Howard Lutnick, Chairman and Chief Executive Officer of BGC, commented in the announcement, “We believe the combination of BGC and GFI will create a strong and diversified company, well positioned to capture future growth opportunities. Through this combination, we expect to deliver substantial benefits to customers of the combined company, and we expect to become the largest and most profitable wholesale brokerage company.”
The President of BGC, Shaun Lynn, stated, “This is a highly complementary combination, which will result in meaningful economies of scale. While the front office operations will remain separately branded companies, we plan on integrating the back office, technology, and infrastructure of these two companies in a smart and deliberate way.”
“By the end of the first year, we expect to save at least $50 million annually on items including network infrastructure, telephone lines, data centers, vendors, disaster recovery, regulatory capital, and interest expense. We expect further cost savings in the second year and beyond. We also expect to generate increased productivity per broker and to continue converting voice and hybrid broking to more profitable fully electronic trading, all of which should lead to increased revenues, profitability and cash flows,” he concluded.

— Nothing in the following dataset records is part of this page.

Lemma spoly_binomial (L1 T1 L2 T2 : 'X_{1..n}) :
  lex_lt po T1 L1 -> lex_lt po T2 L2 ->
  spoly po ('X_[L1] - 'X_[T1] : poly) ('X_[L2] - 'X_[T2])
  = 'X_[mlcm L1 L2 - L2 + T2] - 'X_[mlcm L1 L2 - L1 + T1].
Proof.
move=> lt1 lt2; rewrite /spoly !lmon_binomial // !lcoef_binomial // invr1 !scale1r.
rewrite !mulrBr -!mpolyXD !submK ?lem_mlcml ?lem_mlcmr //.
by rewrite opprB addrC addrA subrK.
Qed.

End LeadingMonomial.

Section StandardExpressions.

Variables (K : fieldType) (P : seq pt) (po : rel pt).
Hypothesis poP : P_order P po.
Local Notation n := (nV P).
Local Notation poly := {mpoly K[nV P]}.

Definition scalar_inG (g : poly) := exists2 c : K, c != 0 & inG (c *: g).

Lemma scalar_inGN (g : poly) : scalar_inG g -> scalar_inG (- g).
Proof.
case=> c c0 Gg; exists (- c); first by rewrite oppr_eq0.
by rewrite scaleNr scalerN opprK.
Qed.

Lemma mulVZ (c : K) (u g : poly) : c != 0 -> (c^-1 *: u) * (c *: g) = u * g.
Proof. by move=> c0; rewrite -scalerAl -scalerAr scalerA mulVf // scale1r. Qed.

Lemma reduces_to_zero_mul (u g : poly) :
  scalar_inG g -> reduces_to_zero po (u * g).
Proof.
case=> c c0 Gg; exists [:: (c^-1 *: u, c *: g)].
split=> [p|]; first by rewrite inE => /eqP->.
split=> [|p]; first by rewrite big_seq1 mulVZ.
rewrite inE => /eqP-> /=; rewrite mulVZ //.
by have [->|ug0] := eqVneq (u * g) 0; [left | right; rewrite ug0 lex_le_refl].
Qed.
Theorem proposition8
  (eta : nat -> C) (Cst : R) (N : nat)
  (c : nat -> C) (Rad : R) (Nt : nat) (m : nat) (P : C -> C) :
  (* eta_n nonzero for n >= 1 *)
  (forall n : nat, (1 <= n)%nat -> eta n <> 0) ->
  (* |eta_n| nondecreasing *)
  (forall n : nat, (1 <= n)%nat -> (Cmod (eta n) <= Cmod (eta (S n)))%R) ->
  (* growth: N, C > 0 with |eta_n| >= C n^2 for n >= N *)
  (0 < N)%nat -> (0 < Cst)%R ->
  (forall n : nat, (N <= n)%nat -> (Cst * INR n ^ 2 <= Cmod (eta n))%R) ->
  (* discs of radius R > 0 centred at c_n, c_0 = 0, |eta_n - c_n| <= R/2 *)
  (0 < Rad)%R ->
  c 0%nat = 0 ->
  (forall n : nat, (1 <= n)%nat -> (Cmod (eta n - c n) <= Rad / 2)%R) ->
  (* closed discs pairwise disjoint for indices > Nt *)
  (forall n k : nat, (Nt < n)%nat -> (Nt < k)%nat -> n <> k ->
     forall z : C, ~ ((Cmod (z - c n) <= Rad)%R /\ (Cmod (z - c k) <= Rad)%R)) ->
  (* P(l) = l^m prod_{n>=1} (1 - l/eta_n), the infinite product as limit of partial products *)
  (forall l : C,
     filterlim (fun K : nat => l ^ m * partial_prod eta K l) eventually (locally (P l))) ->
  let Om := fun z : C => forall n : nat, (Rad < Cmod (z - c n))%R in
  open Om /\ A_ 1 Om (fun l : C => / P l).
Proof.
  intros Hne _ HN HC Hg HR Hc0 Hec _ HP Om.
  set (s := (inv_abs_sum eta N + / (Cst * INR N))%R).
  assert (Hs : forall K, (inv_abs_sum eta K <= s)%R)
    by exact (inv_abs_sum_bounded eta Cst N Hne HN HC Hg).
  assert (Hs0 : (0 <= s)%R)
    by (eapply Rle_trans; [apply (inv_abs_sum_ge0 eta Hne 0) | apply Hs]).
  split.
  - apply open_outside_discs, (centres_unbounded eta c Cst Rad N HC Hg Hec).
  - apply (A_1_inv_of_lower_bound Om P (2 / Cst + 2 / (Rad / 2) + 2 * s)
             (exp (INR N ^ 2) / (Rad / 2) ^ m)).
    + assert (0 < 2 / Cst)%R by (apply Rdiv_lt_0_compat; lra).
      assert (0 < 2 / (Rad / 2))%R by (apply Rdiv_lt_0_compat; lra). lra.
    + apply Rdiv_lt_0_compat; [apply exp_pos | apply pow_lt; lra].
    + intros z _. exact (ex_derive_infinite_product eta Hne s m P Hs HP z).
    + intros z Hz.
      assert (Hz0 : (Rad / 2 <= Cmod z)%R).
      { specialize (Hz 0%nat). rewrite Hc0 in Hz. replace (z - 0) with z in Hz by ring. lra. }
      assert (Hdist : forall n, (1 <= n)%nat -> (Rad / 2 <= Cmod (eta n - z))%R)
        by (intros n Hn; exact (half_radius_le_dist (eta n) (c n) z Rad (Hz n) (Hec n Hn))).
      apply (Cmod_infinite_product_ge eta Cst N z (Rad / 2) Hne HN HC Hg); [lra | auto ..].
Qed.
(* Let $n\ge4$ and let $\mathcal D_n$ be a minimal DFA with state set $Q_n=\{0,\dots,n-1\}$, initial state $0$ and unique final state $n-1$, recognizing a two-sided ideal, with transition semigroup $T_n$. If every chain of states of $\mathcal D_n$ strictly ordered by $\prec$ has at most $3$ elements (i.e., a maximal-length such chain has length $3$), then $|T_n|\le n^{n-2}+(n-2)2^{n-2}+1$ and $T_n$ is a subsemigroup of $S_n$.
   Context: A two-sided ideal is a nonempty $L$ with $L=\Sigma^*L\Sigma^*$. For a state $q$, $K_q$ is the language accepted from $q$; $p\prec q$ means $K_p\subsetneq K_q$. The transition semigroup is the set of state transformations induced by nonempty words. Notation: $(p\to q)$ maps $p$ to $q$ and fixes other states; $(p_0,\dots,p_{k-1})$ is a cyclic permutation fixing other states. $S_n$ is the transition semigroup of the DFA with states $Q_n$, initial $0$, final $\{n-1\}$, alphabet $\{a,b,c,d,e,f\}$, with $a\colon(1,2,\dots,n-2)$, $b\colon(1,2)$, $c\colon(n-2\to1)$, $d\colon(n-2\to0)$, $e$ mapping each state of $\{0,\dots,n-2\}$ to $1$ and fixing $n-1$, and $f\colon(1\to n-1)$. *)

From mathcomp Require Import all_boot.
From mathcomp Require Import boolp.
Set Implicit Arguments. Unset Strict Implicit. Unset Printing Implicit Defensive.

(* A DFA over the finite alphabet Sigma with state set Q_n = 'I_n is given by
   its transition function delta; the initial state is the state with value 0
   and the unique final state is the state with value n-1. *)

Definition dw (Sigma : finType) (n : nat) (delta : Sigma -> 'I_n -> 'I_n)
  (q : 'I_n) (w : seq Sigma) : 'I_n :=
  foldl (fun p a => delta a p) q w.

Definition Kq (Sigma : finType) (n : nat) (delta : Sigma -> 'I_n -> 'I_n)
  (q : 'I_n) (w : seq Sigma) : Prop :=
  val (dw delta q w) = n.-1.

Definition dfa_lang (Sigma : finType) (n : nat) (delta : Sigma -> 'I_n -> 'I_n)
  (w : seq Sigma) : Prop :=
  exists q0 : 'I_n, val q0 = 0 /\ Kq delta q0 w.

Definition two_sided_ideal (Sigma : finType) (L : seq Sigma -> Prop) : Prop :=
  (exists w, L w) /\
  forall w, L w <-> exists u x v, w = u ++ x ++ v /\ L x.

Definition minimal_dfa (Sigma : finType) (n : nat) (delta : Sigma -> 'I_n -> 'I_n) : Prop :=
  (forall q : 'I_n, exists (q0 : 'I_n) (w : seq Sigma), val q0 = 0 /\ dw delta q0 w = q) /\
  (forall p q : 'I_n, (forall w, Kq delta p w <-> Kq delta q w) -> p = q).

Definition prec (Sigma : finType) (n : nat) (delta : Sigma -> 'I_n -> 'I_n)
  (p q : 'I_n) : Prop :=
  (forall w, Kq delta p w -> Kq delta q w) /\ (exists w, Kq delta q w /\ ~ Kq delta p w).

(* s is a chain strictly ordered by prec (consecutive elements related;
   prec is transitive so this is a chain) *)
Fixpoint prec_chain (Sigma : finType) (n : nat) (delta : Sigma -> 'I_n -> 'I_n)
  (s : seq 'I_n) : Prop :=
  match s with
  | x :: ((y :: _) as t) => prec delta x y /\ prec_chain delta t
  | _ => True
  end.

Definition trans_of (Sigma : finType) (n : nat) (delta : Sigma -> 'I_n -> 'I_n)
  (w : seq Sigma) : {ffun 'I_n -> 'I_n} :=
  [ffun q => dw delta q w].

Definition trans_semigroup (Sigma : finType) (n : nat) (delta : Sigma -> 'I_n -> 'I_n)
  : {set {ffun 'I_n -> 'I_n}} :=
  [set t | `[< exists w : seq Sigma, w <> [::] /\ t = trans_of delta w >]].

(* The DFA defining S_n, alphabet {a,b,c,d,e,f} = 'I_6 (a=0,...,f=5),
   first on nat then restricted to 'I_n *)
Definition Sn_nat (n : nat) (x : nat) (q : nat) : nat :=
  match x with
  | 0 =>
      if (1 <= q) && (q <= n - 2) then (if q == n - 2 then 1 else q.+1) else q
  | 1 =>
      if q == 1 then 2 else if q == 2 then 1 else q
  | 2 =>
      if q == n - 2 then 1 else q
  | 3 =>
      if q == n - 2 then 0 else q
  | 4 =>
      if q == n - 1 then q else 1
  | _ =>
      if q == 1 then n - 1 else q
  end.

Definition Sn_delta (n : nat) (x : 'I_6) (q : 'I_n) : 'I_n :=
  insubd q (Sn_nat n (val x) (val q)).

Definition S_n (n : nat) : {set {ffun 'I_n -> 'I_n}} :=
  trans_semigroup (@Sn_delta n).

From mathcomp Require Import all_boot.
From mathcomp Require Import boolp zify.
Set Implicit Arguments. Unset Strict Implicit. Unset Printing Implicit Defensive.

(** In an ideal DFA every language K_q contains K_0 and K_{n-1} is everything;
   a transformation t induced by w satisfies K_{t q} = w^{-1} K_q, so it fixes
   n-1 and K_{t 0} is contained in every K_{t q}.  A chain bound of 3 makes
   the states other than 0 and n-1 pairwise incomparable, hence if t 0 <> 0
   then every t q is t 0 or n-1.  There are n^(n-2) such maps fixing 0,
   (n-2) 2^(n-2) with t 0 in the middle and one constant map.  All of them lie
   in S_n: a and b generate the permutations of the middle states, conjugates
   of c, d, f redirect one middle state anywhere, which generates every map
   fixing 0 and n-1, and e reduces the remaining maps to that case. *)

Lemma dw_cat (Sigma : finType) n (delta : Sigma -> 'I_n -> 'I_n) q u v :
  dw delta q (u ++ v) = dw delta (dw delta q u) v.
Proof. by rewrite /dw foldl_cat. Qed.

Definition transp (x y q : nat) : nat := if q == x then y else if q == y then x else q.

Lemma transp_conj x y z q :
  z != x -> z != y -> transp x y (transp z x (transp x y q)) = transp z y q.
Proof. by rewrite /transp => /eqP zx /eqP zy; repeat case: ifP; lia. Qed.

Definition redirect (p r q : nat) : nat := if q == p then r else q.

Section SnRealizable.

Variable n : nat.
Hypothesis n_ge4 : 4 <= n.

(* Maps are handled as functions on nat; only their values below n matter. *)
Definition Sn_realizable (F : nat -> nat) : Prop :=
  exists w : seq 'I_6, forall q : 'I_n, val (dw (@Sn_delta n) q w) = F q.

Lemma Sn_realizable_ext F G :
  Sn_realizable F -> (forall q, q < n -> F q = G q) -> Sn_realizable G.
Proof. by move=> [w Fw] FG; exists w => q; rewrite Fw FG. Qed.

Lemma Sn_realizable_id : Sn_realizable id.
Proof. by exists [::]. Qed.

Lemma Sn_realizable_comp F G :
  Sn_realizable F -> Sn_realizable G -> Sn_realizable (G \o F).
Proof.
move=> [u Fu] [v Gv]; exists (u ++ v) => q.
by rewrite dw_cat Gv Fu.
Qed.

Lemma Sn_nat_lt k q : q < n -> Sn_nat n k q < n.
Proof. by rewrite /Sn_nat => lt_qn; case: k => [|[|[|[|[|k]]]]]; repeat case: ifP; lia. Qed.

Lemma val_Sn_delta (x : 'I_6) (q : 'I_n) : val (Sn_delta x q) = Sn_nat n x q.
Proof. by rewrite /Sn_delta val_insubd Sn_nat_lt ?ltn_ord. Qed.

Lemma Sn_realizable_letter k : k < 6 -> Sn_realizable (Sn_nat n k).
Proof. by move=> lt_k6; exists [:: Ordinal lt_k6] => q; rewrite val_Sn_delta. Qed.

(* The action of a^k. *)
Definition rot_mid (k q : nat) : nat :=
  if 0 < q <= n - 2 then (if q + k <= n - 2 then q + k else q + k - (n - 2)) else q.

Lemma Sn_realizable_rot k : k <= n - 2 -> Sn_realizable (rot_mid k).
Proof.
elim: k => [|k IH] le_k.
  by apply: (Sn_realizable_ext Sn_realizable_id) => q _; rewrite /rot_mid; repeat case: ifP; lia.
apply: (Sn_realizable_ext (Sn_realizable_comp (IH (ltnW le_k)) (@Sn_realizable_letter 0 isT))).
by move=> q _ /=; rewrite /rot_mid /Sn_nat; repeat case: ifP; lia.
Qed.

Lemma Sn_realizable_transp_succ x : 0 < x < n - 2 -> Sn_realizable (transp x x.+1).
Proof.
move=> hx.
have rot_fwd := @Sn_realizable_rot (x - 1) (ltac:(lia)).
have rot_back := @Sn_realizable_rot (n - 2 - (x - 1)) (ltac:(lia)).
have b := @Sn_realizable_letter 1 isT.
apply: (Sn_realizable_ext (Sn_realizable_comp (Sn_realizable_comp rot_back b) rot_fwd)).
by move=> q _ /=; rewrite /rot_mid /transp /Sn_nat; repeat case: ifP; lia.
Qed.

The companies also announced that as part of the agreement with GFI, Marisa Cassoni, Frank Fanzilli Jr. and Richard Magee have resigned from the GFI Board. BGC has designated six directors to the expanded eight-member GFI Board. Three of these new board members are independent directors nominated by BGC. The new board members are Howard Lutnick, Chairman and Chief Executive Officer of BGC, Shaun Lynn, President of BGC, Stephen Merkel, Executive Vice President, General Counsel and Secretary of BGC, William J. Moran, Former Executive Vice President, JPMorgan Chase & Co., Peter J. Powers, President and Chief Executive Officer, Powers Global Strategies LLC and Michael Snow, Managing Member and Chief Investment Officer of Snow Fund One, LLC.